Task objective = Only one stretch of the listing below is wanted. Begin at the line that has "have -> : d", stop after the line that has "Lemma convex_rfunD (g1", and repeat every line in between exactly.
-------------------------
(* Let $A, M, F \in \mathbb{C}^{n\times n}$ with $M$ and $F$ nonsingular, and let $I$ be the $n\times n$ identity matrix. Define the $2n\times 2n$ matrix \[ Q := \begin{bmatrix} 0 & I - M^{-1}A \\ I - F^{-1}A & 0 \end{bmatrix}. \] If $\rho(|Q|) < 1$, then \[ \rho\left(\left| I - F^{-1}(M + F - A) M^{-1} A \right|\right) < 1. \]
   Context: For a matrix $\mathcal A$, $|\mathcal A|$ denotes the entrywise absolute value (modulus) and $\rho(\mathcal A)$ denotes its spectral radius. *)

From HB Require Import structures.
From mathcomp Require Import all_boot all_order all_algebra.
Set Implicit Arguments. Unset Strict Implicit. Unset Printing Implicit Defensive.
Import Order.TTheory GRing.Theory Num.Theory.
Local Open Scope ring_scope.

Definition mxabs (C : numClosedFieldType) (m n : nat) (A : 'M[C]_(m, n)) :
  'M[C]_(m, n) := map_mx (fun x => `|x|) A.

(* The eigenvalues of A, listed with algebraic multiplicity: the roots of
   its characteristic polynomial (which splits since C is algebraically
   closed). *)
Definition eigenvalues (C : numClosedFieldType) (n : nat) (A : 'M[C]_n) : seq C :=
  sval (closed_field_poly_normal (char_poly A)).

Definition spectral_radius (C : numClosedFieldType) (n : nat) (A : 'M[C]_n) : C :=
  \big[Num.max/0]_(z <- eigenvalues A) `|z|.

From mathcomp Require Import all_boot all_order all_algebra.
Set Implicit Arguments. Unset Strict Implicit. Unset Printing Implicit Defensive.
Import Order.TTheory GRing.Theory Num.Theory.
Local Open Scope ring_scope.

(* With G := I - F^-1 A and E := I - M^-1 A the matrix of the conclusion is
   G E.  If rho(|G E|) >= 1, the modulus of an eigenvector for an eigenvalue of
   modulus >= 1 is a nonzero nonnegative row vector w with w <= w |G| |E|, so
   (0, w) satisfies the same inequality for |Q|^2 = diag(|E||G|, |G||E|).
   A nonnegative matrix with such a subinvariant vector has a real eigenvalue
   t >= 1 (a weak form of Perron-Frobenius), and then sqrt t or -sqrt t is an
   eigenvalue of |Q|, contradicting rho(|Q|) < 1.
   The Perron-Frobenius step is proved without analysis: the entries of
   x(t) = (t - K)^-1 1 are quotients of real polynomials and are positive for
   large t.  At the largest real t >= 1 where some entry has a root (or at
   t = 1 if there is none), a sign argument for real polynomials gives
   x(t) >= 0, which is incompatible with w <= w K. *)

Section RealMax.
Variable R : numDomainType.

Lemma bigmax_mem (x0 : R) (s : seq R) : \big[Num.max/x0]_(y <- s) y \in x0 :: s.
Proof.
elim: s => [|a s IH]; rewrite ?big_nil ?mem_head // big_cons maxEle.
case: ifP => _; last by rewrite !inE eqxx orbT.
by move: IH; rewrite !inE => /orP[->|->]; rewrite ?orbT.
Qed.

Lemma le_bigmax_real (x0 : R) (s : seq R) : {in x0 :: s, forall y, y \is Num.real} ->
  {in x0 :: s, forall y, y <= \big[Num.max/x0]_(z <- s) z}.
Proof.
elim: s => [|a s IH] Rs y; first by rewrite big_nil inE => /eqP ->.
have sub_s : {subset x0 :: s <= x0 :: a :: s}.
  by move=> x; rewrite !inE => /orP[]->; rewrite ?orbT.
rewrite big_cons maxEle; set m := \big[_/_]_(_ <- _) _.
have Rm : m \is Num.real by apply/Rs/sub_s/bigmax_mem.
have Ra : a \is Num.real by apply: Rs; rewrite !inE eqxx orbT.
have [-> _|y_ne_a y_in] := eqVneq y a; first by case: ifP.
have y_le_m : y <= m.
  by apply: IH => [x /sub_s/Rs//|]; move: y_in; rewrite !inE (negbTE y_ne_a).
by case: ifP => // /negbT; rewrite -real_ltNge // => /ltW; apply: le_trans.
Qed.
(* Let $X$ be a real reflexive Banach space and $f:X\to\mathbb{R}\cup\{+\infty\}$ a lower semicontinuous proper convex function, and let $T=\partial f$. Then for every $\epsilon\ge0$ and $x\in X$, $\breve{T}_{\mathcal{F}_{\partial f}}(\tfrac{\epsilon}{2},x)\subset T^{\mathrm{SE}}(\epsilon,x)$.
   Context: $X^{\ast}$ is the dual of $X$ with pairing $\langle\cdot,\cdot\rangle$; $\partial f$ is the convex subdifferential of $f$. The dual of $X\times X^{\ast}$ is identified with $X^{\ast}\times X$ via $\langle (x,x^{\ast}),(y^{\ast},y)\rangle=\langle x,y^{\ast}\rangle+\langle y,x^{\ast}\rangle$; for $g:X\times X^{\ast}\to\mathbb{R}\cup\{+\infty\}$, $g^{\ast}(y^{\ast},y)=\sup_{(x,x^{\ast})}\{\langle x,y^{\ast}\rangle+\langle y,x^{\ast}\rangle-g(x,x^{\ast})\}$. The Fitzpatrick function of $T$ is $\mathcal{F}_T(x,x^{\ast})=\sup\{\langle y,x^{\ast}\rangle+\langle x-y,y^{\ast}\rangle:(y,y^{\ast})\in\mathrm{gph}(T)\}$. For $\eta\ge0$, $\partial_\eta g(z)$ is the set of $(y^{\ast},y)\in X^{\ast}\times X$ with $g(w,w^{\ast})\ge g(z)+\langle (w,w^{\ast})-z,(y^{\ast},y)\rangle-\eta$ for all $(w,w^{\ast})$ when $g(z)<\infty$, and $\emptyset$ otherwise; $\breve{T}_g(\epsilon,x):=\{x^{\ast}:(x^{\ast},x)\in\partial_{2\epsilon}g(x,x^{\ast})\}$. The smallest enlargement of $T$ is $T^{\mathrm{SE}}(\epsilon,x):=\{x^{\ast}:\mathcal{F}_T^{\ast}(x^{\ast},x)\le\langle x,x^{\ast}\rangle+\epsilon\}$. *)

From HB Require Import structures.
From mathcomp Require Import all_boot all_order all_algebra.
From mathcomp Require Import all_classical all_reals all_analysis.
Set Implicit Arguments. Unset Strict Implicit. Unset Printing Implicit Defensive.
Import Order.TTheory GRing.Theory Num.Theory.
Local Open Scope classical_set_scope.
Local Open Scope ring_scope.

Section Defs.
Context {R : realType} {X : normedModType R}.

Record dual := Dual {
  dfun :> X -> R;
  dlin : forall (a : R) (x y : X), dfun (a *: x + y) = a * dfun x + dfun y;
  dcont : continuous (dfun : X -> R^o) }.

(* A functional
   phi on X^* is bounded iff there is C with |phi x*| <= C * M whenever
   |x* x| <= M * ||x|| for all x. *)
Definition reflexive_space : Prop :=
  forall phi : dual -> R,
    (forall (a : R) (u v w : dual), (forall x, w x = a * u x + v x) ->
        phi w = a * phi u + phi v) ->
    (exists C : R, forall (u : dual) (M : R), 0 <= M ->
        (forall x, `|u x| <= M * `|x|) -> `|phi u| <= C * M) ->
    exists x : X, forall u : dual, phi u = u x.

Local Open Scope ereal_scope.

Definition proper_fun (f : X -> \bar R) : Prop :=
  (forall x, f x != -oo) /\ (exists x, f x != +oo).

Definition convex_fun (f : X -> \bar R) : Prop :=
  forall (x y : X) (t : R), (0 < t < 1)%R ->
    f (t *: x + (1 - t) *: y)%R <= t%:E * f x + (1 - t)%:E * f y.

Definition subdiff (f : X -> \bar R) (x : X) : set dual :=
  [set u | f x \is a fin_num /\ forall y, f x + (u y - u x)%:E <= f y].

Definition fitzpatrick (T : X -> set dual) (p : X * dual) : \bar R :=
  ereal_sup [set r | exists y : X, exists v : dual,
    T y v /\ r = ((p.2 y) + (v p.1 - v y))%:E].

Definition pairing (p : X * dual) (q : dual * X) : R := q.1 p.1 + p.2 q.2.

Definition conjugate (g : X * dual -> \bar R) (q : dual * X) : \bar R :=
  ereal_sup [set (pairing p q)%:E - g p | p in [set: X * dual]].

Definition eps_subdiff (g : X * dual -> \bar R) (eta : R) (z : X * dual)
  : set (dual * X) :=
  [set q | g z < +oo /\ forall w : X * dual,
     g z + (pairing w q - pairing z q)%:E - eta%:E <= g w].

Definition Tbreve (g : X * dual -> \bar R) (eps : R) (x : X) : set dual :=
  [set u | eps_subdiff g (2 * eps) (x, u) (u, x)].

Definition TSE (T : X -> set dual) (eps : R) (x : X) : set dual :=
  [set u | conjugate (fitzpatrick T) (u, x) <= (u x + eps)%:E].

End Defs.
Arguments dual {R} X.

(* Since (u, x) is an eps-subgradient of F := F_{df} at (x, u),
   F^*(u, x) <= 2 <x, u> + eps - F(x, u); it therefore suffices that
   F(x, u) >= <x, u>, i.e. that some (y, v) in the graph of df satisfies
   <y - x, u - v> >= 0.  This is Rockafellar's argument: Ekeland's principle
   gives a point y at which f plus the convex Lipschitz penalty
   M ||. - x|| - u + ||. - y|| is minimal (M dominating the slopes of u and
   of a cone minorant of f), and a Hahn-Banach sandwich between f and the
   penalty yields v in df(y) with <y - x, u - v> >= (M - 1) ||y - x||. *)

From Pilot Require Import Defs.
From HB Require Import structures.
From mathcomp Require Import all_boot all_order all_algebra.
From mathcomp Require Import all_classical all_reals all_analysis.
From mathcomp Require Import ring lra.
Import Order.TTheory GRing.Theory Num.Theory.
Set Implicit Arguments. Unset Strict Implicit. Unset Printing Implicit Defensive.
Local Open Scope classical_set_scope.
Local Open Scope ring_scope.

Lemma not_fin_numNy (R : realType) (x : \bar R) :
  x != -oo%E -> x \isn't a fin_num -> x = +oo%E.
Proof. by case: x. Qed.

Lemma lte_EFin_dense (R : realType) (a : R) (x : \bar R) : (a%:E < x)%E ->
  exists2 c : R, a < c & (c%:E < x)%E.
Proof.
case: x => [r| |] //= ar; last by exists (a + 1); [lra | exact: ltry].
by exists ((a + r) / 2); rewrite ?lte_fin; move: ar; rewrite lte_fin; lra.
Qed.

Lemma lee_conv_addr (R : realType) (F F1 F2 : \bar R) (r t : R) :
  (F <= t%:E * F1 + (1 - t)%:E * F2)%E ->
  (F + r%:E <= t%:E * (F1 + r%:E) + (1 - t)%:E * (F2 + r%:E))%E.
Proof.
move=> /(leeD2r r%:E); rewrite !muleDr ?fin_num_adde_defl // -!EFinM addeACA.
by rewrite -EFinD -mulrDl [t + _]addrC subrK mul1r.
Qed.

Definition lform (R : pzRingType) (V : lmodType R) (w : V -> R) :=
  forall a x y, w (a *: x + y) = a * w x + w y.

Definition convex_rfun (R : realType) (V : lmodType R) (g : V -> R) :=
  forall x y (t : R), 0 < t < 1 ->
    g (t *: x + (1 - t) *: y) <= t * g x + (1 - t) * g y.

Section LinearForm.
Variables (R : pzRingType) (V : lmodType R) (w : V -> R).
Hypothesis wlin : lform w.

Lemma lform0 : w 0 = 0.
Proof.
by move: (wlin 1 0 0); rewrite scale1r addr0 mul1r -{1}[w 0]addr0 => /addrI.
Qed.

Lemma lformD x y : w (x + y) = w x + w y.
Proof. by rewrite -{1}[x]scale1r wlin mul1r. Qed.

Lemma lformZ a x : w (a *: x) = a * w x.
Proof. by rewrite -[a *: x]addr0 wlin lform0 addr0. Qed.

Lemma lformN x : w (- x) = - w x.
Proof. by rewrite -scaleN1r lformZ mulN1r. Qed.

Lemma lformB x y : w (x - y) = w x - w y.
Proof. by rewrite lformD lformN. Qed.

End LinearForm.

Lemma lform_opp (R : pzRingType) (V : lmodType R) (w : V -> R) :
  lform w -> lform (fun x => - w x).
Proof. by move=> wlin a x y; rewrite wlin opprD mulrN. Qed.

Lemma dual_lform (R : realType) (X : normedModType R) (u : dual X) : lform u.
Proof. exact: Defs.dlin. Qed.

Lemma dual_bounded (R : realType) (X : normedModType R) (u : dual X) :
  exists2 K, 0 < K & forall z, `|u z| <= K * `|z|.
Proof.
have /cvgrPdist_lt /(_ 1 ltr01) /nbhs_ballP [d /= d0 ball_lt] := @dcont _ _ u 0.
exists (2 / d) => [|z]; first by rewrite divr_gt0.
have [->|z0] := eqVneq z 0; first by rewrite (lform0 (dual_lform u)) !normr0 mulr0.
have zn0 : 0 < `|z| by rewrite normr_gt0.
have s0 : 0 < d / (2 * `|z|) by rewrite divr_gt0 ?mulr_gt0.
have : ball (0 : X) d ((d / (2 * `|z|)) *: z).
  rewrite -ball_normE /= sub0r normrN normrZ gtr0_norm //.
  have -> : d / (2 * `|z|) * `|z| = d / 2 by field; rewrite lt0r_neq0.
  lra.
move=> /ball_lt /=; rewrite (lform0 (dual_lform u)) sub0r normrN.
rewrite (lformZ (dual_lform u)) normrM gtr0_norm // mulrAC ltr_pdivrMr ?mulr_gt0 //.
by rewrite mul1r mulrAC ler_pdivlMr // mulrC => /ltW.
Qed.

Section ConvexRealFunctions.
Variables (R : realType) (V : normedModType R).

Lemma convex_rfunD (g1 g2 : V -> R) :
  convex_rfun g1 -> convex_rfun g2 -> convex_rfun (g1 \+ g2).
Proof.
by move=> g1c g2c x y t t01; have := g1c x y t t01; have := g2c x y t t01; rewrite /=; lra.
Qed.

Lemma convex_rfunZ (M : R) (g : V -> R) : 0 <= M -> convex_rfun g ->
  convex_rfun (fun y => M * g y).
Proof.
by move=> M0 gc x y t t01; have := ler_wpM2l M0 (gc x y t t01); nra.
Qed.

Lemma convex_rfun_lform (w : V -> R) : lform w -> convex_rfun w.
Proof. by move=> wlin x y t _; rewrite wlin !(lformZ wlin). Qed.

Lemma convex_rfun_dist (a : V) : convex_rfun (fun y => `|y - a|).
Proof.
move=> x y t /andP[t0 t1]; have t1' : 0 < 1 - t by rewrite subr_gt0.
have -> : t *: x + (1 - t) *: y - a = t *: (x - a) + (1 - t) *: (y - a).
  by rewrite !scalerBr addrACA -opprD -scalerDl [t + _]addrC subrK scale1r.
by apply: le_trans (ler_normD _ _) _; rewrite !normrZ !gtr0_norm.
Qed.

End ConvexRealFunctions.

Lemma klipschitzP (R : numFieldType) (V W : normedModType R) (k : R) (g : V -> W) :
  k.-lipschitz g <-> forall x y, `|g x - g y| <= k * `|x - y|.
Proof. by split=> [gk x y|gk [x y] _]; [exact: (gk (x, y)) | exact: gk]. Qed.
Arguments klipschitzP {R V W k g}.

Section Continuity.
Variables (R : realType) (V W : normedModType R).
-------------------------
Response to the exercise =
  have -> : d / (2 * `|z|) * `|z| = d / 2 by field; rewrite lt0r_neq0.
  lra.
move=> /ball_lt /=; rewrite (lform0 (dual_lform u)) sub0r normrN.
rewrite (lformZ (dual_lform u)) normrM gtr0_norm // mulrAC ltr_pdivrMr ?mulr_gt0 //.
by rewrite mul1r mulrAC ler_pdivlMr // mulrC => /ltW.
Qed.

Section ConvexRealFunctions.
Variables (R : realType) (V : normedModType R).

Lemma convex_rfunD (g1 g2 : V -> R) :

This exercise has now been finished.